• Problem to solve:
For this exercise, output the line containing "(a : 'rV[R]_n1)" and all lines after it to the end of the records, exactly, with no other content.

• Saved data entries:
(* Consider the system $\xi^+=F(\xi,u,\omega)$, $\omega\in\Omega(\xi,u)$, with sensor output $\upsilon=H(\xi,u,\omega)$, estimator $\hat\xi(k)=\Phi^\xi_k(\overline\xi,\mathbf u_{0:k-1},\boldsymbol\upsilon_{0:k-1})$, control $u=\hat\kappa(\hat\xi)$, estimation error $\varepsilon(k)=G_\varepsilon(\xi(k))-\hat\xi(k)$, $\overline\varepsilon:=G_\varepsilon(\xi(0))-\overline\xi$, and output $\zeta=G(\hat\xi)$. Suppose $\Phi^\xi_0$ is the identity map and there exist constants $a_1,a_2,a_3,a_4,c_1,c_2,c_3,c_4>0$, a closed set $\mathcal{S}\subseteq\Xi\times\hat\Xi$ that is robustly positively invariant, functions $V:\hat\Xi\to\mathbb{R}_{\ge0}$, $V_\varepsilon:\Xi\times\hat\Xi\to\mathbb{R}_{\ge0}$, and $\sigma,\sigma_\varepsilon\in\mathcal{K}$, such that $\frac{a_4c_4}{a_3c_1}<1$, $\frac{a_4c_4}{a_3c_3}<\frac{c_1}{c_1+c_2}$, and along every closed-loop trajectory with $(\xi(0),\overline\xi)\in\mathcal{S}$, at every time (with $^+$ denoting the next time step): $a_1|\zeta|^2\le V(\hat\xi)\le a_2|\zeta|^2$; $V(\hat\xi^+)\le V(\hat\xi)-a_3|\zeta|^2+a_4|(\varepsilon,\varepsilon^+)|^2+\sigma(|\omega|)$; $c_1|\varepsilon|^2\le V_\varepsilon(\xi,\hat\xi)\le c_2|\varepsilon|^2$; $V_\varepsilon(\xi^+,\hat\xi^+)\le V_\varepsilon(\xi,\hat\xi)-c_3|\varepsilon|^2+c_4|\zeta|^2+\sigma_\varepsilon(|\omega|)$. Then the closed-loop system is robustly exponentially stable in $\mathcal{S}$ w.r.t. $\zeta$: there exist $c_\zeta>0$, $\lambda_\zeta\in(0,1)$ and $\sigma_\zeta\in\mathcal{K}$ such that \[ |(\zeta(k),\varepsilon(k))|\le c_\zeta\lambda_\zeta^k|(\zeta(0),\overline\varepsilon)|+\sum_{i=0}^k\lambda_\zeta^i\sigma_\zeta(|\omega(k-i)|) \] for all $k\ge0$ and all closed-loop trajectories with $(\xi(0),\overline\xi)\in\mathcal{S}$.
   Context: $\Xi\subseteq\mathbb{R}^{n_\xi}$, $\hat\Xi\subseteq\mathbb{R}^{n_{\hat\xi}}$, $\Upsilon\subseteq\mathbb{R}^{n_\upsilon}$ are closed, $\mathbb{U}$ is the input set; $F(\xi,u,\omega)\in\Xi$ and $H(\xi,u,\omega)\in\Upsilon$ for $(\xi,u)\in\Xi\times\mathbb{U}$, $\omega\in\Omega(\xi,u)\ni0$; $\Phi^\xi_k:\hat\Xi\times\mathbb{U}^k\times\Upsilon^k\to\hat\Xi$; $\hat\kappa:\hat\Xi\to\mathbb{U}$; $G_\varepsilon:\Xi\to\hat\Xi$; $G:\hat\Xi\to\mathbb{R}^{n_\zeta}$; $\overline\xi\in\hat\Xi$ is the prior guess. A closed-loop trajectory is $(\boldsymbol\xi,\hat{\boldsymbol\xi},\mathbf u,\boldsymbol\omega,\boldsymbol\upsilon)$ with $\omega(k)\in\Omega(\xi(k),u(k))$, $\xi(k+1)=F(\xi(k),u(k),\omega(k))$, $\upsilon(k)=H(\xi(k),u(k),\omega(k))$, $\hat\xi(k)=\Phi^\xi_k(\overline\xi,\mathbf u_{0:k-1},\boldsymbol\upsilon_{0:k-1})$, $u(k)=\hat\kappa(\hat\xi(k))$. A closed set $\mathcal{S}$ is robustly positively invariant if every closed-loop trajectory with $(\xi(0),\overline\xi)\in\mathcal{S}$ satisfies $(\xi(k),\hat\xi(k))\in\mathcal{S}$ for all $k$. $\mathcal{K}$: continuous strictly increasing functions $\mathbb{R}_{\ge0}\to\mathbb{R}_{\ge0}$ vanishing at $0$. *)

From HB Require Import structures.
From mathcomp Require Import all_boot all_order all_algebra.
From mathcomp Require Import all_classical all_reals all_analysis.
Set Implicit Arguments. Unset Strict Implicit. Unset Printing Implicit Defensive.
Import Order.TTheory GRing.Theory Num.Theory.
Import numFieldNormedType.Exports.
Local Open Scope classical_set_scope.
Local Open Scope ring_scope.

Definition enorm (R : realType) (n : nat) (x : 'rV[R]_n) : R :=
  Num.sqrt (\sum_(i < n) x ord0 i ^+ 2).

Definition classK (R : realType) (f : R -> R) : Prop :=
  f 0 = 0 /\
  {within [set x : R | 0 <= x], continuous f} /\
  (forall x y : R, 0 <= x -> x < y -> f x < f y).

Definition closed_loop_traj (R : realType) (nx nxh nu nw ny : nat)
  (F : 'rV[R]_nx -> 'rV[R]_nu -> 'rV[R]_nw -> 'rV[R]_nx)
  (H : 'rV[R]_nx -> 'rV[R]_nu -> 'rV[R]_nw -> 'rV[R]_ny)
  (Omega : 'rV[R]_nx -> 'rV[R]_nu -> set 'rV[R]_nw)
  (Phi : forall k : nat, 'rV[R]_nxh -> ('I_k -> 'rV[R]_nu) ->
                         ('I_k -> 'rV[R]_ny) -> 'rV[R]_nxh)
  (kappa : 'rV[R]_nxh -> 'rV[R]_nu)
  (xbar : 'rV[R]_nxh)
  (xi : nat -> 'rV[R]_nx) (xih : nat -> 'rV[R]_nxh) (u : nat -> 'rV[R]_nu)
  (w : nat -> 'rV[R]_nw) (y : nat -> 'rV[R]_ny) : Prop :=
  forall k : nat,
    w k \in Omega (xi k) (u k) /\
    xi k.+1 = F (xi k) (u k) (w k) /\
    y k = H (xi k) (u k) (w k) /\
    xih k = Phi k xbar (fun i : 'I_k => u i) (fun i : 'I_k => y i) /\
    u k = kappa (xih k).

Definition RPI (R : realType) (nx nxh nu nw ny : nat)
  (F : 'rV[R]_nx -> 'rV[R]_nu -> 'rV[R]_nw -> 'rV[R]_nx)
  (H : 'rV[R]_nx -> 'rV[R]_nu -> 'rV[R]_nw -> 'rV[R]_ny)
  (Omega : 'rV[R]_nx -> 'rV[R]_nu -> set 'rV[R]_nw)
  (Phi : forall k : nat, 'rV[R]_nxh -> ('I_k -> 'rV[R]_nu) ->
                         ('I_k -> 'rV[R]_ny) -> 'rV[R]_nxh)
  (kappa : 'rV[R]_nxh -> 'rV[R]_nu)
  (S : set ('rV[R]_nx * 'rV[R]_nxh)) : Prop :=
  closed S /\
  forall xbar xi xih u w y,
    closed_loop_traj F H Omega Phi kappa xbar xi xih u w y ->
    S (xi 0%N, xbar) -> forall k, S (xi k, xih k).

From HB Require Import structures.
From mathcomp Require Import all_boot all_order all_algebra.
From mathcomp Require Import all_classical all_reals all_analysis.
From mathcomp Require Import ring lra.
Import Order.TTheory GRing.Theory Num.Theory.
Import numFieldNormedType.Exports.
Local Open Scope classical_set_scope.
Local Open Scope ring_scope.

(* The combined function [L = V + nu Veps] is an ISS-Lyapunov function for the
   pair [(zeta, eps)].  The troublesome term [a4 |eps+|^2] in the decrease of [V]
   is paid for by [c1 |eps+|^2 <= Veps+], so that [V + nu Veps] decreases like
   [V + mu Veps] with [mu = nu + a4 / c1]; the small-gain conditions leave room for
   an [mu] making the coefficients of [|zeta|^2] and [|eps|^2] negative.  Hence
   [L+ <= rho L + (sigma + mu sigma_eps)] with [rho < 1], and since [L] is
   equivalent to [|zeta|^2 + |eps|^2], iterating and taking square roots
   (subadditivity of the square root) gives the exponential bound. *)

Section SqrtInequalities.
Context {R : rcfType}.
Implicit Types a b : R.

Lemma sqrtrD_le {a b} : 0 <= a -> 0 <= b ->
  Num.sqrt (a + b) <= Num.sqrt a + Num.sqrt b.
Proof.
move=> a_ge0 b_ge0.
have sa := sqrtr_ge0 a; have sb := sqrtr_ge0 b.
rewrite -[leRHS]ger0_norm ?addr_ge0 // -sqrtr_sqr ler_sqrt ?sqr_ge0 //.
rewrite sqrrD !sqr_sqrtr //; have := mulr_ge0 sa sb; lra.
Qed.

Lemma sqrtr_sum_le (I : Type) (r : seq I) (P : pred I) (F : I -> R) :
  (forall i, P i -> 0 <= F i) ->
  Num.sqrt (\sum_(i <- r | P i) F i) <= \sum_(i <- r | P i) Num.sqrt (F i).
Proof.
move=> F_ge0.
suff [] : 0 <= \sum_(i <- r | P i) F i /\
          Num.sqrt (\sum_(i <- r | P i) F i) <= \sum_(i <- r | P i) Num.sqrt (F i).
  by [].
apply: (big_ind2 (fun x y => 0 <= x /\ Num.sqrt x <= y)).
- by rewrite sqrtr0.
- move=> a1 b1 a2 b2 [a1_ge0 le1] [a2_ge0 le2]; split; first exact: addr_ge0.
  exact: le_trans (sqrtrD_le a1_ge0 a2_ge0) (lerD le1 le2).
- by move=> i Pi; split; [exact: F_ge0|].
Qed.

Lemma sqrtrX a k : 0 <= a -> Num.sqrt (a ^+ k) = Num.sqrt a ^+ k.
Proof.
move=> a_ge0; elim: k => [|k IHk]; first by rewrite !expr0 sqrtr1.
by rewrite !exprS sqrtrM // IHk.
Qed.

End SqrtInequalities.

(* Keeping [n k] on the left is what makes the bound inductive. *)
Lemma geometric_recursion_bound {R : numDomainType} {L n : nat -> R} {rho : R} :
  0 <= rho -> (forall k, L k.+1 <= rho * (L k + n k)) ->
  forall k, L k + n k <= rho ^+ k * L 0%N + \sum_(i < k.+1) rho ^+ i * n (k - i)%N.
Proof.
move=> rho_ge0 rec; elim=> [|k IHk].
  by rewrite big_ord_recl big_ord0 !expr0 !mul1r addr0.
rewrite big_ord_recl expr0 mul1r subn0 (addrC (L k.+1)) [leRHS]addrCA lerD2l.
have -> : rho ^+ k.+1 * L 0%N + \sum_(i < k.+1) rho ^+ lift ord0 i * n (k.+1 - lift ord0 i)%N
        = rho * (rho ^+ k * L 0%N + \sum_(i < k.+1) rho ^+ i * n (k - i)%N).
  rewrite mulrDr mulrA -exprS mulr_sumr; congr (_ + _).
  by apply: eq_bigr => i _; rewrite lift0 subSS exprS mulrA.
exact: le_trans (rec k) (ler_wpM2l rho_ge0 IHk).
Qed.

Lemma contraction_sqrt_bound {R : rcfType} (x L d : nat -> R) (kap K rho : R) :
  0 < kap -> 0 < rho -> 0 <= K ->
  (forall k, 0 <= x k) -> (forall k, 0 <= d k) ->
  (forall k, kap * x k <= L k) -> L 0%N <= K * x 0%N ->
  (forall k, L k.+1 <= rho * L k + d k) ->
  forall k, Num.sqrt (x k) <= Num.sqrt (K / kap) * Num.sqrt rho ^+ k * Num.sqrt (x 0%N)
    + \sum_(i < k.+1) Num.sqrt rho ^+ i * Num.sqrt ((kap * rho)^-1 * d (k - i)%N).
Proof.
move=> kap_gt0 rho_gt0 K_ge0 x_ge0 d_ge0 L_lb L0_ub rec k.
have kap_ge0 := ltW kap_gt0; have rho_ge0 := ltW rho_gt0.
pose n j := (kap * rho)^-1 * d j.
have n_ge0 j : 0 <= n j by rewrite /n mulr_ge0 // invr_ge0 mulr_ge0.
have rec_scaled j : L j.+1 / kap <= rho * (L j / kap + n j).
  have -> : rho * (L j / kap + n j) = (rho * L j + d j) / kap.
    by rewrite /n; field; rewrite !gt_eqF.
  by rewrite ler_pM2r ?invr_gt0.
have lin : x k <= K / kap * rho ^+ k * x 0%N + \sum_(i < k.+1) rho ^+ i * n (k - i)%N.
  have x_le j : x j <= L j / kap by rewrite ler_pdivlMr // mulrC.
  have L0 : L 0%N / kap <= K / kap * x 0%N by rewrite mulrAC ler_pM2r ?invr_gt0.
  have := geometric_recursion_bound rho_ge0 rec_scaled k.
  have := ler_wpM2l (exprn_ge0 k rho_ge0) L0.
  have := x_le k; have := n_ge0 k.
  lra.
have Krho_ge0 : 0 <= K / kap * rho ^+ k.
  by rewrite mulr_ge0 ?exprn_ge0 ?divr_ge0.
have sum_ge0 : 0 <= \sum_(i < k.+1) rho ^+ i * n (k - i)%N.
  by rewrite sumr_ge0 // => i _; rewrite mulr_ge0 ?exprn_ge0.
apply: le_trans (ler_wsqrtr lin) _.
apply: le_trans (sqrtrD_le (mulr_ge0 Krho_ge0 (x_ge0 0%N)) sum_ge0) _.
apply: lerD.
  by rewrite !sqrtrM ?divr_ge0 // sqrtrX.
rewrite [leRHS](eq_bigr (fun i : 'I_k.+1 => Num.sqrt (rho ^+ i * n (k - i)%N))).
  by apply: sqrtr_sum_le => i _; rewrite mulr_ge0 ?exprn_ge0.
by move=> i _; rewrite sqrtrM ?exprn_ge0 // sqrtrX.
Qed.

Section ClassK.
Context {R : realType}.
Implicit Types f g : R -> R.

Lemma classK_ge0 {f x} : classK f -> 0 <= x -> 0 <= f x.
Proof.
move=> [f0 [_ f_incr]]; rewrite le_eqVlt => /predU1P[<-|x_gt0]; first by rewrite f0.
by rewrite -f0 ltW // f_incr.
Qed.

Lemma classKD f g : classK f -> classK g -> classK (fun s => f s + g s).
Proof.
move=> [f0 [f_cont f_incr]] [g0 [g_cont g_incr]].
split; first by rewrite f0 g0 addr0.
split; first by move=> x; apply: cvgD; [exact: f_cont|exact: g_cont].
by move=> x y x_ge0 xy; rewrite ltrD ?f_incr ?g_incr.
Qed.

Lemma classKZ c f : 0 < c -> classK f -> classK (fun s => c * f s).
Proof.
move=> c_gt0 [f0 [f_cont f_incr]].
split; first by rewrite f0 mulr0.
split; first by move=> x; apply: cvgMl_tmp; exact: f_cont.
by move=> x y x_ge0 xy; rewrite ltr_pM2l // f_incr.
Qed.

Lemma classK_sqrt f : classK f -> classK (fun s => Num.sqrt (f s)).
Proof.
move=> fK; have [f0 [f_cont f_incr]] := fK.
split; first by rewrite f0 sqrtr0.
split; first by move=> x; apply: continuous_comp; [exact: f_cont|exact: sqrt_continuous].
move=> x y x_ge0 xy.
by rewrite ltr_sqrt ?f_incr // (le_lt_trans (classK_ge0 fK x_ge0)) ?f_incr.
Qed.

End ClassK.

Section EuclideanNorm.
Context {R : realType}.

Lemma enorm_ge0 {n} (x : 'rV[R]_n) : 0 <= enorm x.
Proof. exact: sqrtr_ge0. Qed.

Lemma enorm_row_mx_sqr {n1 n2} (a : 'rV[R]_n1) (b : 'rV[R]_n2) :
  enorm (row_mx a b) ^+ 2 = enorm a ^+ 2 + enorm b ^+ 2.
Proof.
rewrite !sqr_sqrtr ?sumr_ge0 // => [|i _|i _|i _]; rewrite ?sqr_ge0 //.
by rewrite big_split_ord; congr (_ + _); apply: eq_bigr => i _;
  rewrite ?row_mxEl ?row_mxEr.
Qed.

• Result of the exercise:
Lemma enorm_row_mx_sqr {n1 n2} (a : 'rV[R]_n1) (b : 'rV[R]_n2) :
  enorm (row_mx a b) ^+ 2 = enorm a ^+ 2 + enorm b ^+ 2.
Proof.
rewrite !sqr_sqrtr ?sumr_ge0 // => [|i _|i _|i _]; rewrite ?sqr_ge0 //.
by rewrite big_split_ord; congr (_ + _); apply: eq_bigr => i _;
  rewrite ?row_mxEl ?row_mxEr.
Qed.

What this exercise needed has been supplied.